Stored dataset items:
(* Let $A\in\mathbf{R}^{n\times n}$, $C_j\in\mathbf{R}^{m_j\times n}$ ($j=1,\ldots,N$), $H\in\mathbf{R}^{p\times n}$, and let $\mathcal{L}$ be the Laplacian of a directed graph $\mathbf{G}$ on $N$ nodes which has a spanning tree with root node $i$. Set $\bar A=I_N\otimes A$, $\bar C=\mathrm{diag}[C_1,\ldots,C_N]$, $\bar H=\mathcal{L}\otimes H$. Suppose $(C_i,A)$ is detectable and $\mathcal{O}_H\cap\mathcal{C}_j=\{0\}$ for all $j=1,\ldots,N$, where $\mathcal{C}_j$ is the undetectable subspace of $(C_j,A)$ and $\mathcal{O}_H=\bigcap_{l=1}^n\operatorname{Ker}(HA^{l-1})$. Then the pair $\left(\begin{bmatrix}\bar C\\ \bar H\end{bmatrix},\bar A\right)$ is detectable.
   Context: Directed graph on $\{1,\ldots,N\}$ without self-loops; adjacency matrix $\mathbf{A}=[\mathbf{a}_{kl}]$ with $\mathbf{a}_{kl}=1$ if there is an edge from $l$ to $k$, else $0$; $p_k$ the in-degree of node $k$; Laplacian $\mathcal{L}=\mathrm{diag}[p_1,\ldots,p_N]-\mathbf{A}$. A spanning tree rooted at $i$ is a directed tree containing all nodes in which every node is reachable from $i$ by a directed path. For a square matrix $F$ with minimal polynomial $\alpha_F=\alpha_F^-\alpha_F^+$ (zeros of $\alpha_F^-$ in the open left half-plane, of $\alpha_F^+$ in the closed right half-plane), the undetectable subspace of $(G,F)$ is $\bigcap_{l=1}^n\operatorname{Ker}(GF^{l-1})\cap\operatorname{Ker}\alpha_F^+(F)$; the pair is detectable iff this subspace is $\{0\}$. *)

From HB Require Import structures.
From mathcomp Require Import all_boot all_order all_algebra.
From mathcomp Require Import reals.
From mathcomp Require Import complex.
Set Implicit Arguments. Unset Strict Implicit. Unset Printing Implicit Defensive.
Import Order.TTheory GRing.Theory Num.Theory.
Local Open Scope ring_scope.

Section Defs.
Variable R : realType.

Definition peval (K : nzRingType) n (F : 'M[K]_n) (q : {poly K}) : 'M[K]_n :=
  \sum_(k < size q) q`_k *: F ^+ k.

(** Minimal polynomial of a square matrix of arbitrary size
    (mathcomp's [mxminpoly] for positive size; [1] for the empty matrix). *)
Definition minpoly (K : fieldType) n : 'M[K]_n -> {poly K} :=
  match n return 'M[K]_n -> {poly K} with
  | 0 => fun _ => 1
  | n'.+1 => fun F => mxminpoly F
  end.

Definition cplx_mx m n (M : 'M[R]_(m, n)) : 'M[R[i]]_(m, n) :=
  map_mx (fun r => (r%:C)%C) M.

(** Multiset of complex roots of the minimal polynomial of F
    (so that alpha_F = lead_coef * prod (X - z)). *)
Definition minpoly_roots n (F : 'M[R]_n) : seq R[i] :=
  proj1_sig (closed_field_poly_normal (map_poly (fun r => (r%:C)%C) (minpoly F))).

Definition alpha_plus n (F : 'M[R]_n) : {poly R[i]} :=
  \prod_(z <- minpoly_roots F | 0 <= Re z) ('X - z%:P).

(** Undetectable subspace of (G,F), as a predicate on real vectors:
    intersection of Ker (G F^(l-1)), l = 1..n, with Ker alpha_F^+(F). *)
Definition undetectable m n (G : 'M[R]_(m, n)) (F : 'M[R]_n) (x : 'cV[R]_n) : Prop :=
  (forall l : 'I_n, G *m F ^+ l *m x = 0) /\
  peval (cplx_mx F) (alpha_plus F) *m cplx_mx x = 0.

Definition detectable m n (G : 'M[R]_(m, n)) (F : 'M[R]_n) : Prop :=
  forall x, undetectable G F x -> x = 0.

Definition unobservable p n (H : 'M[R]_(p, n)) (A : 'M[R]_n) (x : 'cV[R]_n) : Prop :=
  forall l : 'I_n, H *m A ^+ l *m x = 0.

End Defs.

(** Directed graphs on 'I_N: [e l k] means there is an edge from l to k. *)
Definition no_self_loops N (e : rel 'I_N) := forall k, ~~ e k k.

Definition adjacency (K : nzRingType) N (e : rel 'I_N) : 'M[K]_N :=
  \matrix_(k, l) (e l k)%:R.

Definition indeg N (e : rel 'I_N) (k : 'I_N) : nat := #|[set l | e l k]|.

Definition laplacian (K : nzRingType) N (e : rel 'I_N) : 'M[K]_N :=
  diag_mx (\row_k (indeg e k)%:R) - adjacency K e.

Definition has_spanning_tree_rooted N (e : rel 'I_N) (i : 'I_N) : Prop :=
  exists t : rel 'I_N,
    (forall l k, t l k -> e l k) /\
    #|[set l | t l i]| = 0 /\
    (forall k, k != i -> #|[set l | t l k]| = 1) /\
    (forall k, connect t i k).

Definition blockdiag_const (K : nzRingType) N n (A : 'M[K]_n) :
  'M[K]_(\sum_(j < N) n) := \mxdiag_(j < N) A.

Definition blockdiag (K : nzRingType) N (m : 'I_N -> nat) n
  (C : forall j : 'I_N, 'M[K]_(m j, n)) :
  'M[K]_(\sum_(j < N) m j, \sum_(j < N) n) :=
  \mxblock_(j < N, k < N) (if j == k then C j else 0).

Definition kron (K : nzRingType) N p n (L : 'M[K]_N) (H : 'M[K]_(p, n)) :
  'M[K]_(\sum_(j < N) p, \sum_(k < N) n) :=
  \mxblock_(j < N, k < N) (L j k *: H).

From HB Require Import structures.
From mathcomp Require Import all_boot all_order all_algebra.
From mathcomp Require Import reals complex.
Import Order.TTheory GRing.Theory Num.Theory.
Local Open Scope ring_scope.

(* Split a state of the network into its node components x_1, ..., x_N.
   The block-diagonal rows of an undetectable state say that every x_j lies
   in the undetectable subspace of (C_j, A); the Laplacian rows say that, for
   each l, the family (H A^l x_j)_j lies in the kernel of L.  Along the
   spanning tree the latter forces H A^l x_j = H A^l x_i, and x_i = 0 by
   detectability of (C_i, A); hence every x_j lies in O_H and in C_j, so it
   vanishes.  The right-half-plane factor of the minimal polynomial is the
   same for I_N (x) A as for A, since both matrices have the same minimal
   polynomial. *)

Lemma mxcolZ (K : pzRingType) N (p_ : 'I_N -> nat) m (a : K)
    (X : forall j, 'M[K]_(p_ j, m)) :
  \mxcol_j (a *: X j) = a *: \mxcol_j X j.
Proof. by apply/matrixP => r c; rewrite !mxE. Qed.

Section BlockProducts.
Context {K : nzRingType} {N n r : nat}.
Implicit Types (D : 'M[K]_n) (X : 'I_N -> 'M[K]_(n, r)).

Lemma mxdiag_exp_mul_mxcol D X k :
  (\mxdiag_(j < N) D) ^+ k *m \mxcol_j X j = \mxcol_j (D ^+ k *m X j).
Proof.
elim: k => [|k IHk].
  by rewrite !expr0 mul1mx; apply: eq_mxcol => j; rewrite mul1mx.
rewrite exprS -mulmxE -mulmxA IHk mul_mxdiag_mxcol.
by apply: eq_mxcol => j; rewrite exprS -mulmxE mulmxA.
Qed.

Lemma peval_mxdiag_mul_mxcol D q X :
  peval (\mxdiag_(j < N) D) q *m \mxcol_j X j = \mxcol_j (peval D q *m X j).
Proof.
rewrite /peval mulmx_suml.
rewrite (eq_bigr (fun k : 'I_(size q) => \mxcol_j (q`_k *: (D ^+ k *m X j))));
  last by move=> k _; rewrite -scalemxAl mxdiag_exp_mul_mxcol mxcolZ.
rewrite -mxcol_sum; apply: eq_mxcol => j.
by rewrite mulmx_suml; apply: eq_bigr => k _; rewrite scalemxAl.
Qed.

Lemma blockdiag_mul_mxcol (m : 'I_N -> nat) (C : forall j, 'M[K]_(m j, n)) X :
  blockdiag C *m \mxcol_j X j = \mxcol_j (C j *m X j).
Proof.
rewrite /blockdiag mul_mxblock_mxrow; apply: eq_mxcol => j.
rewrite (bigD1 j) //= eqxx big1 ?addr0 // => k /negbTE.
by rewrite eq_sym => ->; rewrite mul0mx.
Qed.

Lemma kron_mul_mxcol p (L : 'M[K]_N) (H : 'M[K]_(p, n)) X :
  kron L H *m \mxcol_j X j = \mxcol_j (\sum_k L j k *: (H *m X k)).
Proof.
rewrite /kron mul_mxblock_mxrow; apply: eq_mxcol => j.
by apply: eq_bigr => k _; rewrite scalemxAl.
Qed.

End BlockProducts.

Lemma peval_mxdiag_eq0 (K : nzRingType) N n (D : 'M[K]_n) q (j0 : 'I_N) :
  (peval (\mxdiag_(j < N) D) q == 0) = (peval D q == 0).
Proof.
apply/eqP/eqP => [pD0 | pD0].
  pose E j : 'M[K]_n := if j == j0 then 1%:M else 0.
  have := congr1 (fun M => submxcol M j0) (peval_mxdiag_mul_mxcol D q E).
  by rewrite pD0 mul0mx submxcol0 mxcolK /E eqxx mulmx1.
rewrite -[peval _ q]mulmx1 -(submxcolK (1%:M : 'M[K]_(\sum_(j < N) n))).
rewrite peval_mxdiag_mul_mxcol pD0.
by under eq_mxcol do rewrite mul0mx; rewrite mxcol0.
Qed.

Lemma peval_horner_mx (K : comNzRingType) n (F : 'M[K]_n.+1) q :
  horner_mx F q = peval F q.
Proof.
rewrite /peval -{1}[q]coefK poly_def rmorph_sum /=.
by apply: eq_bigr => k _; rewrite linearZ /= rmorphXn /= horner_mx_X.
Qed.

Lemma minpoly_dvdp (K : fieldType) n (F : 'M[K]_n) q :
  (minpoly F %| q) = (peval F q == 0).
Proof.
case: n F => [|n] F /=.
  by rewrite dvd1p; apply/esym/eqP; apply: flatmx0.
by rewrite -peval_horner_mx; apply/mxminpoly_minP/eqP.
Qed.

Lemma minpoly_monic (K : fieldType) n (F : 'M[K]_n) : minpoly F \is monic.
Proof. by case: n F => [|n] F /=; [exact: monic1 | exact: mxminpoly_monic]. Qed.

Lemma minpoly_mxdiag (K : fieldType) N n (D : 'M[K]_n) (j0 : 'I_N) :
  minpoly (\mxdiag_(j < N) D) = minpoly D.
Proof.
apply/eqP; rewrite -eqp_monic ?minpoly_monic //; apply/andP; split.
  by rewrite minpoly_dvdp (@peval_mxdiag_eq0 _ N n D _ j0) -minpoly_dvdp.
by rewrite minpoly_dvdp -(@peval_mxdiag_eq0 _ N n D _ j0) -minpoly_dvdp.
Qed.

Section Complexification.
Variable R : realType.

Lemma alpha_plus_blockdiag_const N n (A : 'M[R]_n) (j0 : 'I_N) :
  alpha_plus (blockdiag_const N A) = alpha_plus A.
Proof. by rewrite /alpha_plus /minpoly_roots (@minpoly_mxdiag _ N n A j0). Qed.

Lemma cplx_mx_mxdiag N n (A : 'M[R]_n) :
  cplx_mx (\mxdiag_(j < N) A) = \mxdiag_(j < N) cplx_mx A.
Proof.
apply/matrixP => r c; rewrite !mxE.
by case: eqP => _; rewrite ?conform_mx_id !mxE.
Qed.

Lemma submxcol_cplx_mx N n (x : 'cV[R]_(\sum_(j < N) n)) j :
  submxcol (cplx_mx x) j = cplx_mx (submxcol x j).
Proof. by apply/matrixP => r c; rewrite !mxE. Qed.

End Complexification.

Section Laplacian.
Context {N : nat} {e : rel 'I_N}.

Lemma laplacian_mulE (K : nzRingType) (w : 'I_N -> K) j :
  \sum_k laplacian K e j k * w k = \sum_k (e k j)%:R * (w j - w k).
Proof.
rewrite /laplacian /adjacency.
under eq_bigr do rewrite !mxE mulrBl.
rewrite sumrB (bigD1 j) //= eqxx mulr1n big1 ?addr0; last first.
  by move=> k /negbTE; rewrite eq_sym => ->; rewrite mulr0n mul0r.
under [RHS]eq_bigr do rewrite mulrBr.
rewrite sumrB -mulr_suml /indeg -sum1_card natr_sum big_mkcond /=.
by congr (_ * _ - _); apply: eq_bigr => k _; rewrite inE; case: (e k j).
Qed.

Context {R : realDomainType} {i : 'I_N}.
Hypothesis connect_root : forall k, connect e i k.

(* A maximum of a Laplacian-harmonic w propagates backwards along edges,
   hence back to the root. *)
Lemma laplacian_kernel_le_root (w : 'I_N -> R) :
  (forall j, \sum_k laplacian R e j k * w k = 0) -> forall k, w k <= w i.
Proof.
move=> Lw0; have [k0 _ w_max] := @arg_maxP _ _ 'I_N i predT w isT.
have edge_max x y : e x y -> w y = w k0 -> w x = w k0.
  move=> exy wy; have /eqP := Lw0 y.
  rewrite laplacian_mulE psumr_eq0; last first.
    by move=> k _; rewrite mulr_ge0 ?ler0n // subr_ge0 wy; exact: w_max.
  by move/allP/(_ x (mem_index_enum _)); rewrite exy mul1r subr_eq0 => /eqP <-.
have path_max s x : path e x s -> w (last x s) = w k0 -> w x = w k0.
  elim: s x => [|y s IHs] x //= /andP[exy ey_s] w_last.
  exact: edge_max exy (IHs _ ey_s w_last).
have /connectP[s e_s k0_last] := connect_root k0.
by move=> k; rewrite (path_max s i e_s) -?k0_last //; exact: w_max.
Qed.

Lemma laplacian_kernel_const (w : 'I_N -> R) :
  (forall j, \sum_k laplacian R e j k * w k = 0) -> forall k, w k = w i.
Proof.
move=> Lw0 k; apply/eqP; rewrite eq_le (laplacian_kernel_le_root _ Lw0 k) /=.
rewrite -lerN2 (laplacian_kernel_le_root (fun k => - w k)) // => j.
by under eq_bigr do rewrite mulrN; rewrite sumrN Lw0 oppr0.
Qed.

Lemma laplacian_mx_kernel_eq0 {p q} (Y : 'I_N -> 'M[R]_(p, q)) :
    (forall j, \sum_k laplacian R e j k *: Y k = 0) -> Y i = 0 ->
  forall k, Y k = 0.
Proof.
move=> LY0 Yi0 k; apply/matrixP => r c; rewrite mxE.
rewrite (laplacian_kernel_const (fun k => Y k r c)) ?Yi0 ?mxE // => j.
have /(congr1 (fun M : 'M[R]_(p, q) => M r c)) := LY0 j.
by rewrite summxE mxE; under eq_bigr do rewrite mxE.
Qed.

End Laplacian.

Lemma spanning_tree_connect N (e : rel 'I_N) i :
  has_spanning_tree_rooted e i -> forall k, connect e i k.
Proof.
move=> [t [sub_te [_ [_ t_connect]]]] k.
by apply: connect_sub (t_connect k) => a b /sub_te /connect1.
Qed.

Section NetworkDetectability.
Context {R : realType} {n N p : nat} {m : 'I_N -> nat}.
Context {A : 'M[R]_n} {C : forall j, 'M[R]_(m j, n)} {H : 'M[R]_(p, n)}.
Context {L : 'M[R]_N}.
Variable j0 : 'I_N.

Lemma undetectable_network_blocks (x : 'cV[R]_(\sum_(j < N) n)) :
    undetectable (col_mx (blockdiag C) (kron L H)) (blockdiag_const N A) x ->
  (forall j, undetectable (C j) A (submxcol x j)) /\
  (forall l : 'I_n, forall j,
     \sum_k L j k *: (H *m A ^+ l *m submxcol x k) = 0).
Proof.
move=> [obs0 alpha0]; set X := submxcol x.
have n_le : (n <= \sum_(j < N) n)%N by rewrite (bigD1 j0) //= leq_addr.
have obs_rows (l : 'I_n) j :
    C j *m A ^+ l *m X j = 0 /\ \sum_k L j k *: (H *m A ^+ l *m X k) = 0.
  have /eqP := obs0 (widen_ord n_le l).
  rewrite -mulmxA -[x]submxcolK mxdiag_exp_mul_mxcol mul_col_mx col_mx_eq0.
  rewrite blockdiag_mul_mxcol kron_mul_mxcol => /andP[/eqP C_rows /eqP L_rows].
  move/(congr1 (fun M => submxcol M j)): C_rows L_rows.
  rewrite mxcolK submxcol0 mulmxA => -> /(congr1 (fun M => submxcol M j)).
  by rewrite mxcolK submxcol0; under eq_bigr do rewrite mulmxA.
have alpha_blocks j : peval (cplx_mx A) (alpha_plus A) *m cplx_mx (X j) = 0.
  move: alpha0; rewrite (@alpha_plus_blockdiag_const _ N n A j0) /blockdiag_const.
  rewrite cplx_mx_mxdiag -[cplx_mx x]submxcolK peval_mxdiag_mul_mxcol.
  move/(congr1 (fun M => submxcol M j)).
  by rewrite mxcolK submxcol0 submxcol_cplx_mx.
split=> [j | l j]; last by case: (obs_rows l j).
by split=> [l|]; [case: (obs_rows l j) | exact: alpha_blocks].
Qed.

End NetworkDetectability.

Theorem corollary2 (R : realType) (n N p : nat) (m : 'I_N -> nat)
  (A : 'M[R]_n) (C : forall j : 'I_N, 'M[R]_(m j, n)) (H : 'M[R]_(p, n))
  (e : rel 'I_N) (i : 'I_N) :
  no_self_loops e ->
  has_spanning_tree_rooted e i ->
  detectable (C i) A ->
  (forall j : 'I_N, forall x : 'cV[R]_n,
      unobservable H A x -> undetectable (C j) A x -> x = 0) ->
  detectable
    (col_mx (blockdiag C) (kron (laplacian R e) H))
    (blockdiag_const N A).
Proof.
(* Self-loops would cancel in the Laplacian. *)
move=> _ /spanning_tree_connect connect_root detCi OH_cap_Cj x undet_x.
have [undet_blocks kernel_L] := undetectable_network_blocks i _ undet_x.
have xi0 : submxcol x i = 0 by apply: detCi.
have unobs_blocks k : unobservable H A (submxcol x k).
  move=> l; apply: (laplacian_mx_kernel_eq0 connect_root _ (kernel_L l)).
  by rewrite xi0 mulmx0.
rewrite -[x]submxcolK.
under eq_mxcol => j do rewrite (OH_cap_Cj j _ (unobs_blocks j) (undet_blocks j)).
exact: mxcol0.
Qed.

...

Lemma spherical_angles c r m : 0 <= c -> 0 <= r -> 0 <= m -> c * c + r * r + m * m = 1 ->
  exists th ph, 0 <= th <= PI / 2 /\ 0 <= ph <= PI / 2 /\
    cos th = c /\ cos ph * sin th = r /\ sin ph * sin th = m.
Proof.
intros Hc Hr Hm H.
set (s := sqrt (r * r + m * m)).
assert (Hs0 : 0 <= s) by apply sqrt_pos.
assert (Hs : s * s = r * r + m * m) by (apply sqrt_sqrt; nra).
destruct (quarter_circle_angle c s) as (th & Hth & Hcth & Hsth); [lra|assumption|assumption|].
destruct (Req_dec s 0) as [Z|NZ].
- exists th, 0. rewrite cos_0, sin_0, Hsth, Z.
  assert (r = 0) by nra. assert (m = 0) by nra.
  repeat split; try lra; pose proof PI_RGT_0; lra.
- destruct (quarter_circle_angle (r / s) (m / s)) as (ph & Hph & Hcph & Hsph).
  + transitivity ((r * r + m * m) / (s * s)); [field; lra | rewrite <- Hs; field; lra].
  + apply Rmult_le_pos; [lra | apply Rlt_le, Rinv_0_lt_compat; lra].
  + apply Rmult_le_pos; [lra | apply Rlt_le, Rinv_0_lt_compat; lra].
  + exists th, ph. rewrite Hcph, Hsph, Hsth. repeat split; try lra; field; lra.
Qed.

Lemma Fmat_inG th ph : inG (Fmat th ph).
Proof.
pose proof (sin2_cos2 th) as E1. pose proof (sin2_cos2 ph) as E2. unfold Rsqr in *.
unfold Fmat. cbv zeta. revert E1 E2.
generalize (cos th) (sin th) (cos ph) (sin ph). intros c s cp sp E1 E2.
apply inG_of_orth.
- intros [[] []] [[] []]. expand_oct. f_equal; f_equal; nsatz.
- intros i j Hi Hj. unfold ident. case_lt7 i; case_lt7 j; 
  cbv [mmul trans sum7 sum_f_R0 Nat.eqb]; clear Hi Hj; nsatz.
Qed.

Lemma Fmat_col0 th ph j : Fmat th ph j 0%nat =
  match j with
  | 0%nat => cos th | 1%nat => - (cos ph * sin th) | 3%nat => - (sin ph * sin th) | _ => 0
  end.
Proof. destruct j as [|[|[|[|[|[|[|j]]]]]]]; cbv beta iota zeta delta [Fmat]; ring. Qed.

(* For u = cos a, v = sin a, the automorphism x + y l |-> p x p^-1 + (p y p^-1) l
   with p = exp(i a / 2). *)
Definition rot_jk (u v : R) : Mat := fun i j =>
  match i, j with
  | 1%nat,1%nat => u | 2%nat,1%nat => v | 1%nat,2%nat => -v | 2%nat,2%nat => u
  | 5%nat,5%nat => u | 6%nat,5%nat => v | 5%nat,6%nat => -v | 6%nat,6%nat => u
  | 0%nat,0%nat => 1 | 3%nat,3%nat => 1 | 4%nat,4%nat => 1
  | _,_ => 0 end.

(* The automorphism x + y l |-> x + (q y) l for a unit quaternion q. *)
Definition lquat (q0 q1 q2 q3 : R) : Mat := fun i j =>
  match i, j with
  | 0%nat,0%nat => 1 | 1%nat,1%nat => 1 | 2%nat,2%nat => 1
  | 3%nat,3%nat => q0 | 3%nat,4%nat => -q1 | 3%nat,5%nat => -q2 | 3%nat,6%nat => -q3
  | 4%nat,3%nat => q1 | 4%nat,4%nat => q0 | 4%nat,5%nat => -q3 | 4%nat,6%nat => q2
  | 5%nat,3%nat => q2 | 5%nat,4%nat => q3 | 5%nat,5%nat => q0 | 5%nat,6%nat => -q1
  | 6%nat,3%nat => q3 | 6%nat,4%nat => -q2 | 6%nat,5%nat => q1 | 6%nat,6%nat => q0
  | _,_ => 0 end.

## Requirement
Your answer should be the lines above from the one containing "(forall j, undetectable" through the one containing "rewrite mxcolK submxcol0 mulmxA", copied exactly and with both ends kept.

## Response to this task
  (forall j, undetectable (C j) A (submxcol x j)) /\
  (forall l : 'I_n, forall j,
     \sum_k L j k *: (H *m A ^+ l *m submxcol x k) = 0).
Proof.
move=> [obs0 alpha0]; set X := submxcol x.
have n_le : (n <= \sum_(j < N) n)%N by rewrite (bigD1 j0) //= leq_addr.
have obs_rows (l : 'I_n) j :
    C j *m A ^+ l *m X j = 0 /\ \sum_k L j k *: (H *m A ^+ l *m X k) = 0.
  have /eqP := obs0 (widen_ord n_le l).
  rewrite -mulmxA -[x]submxcolK mxdiag_exp_mul_mxcol mul_col_mx col_mx_eq0.
  rewrite blockdiag_mul_mxcol kron_mul_mxcol => /andP[/eqP C_rows /eqP L_rows].
  move/(congr1 (fun M => submxcol M j)): C_rows L_rows.
  rewrite mxcolK submxcol0 mulmxA => -> /(congr1 (fun M => submxcol M j)).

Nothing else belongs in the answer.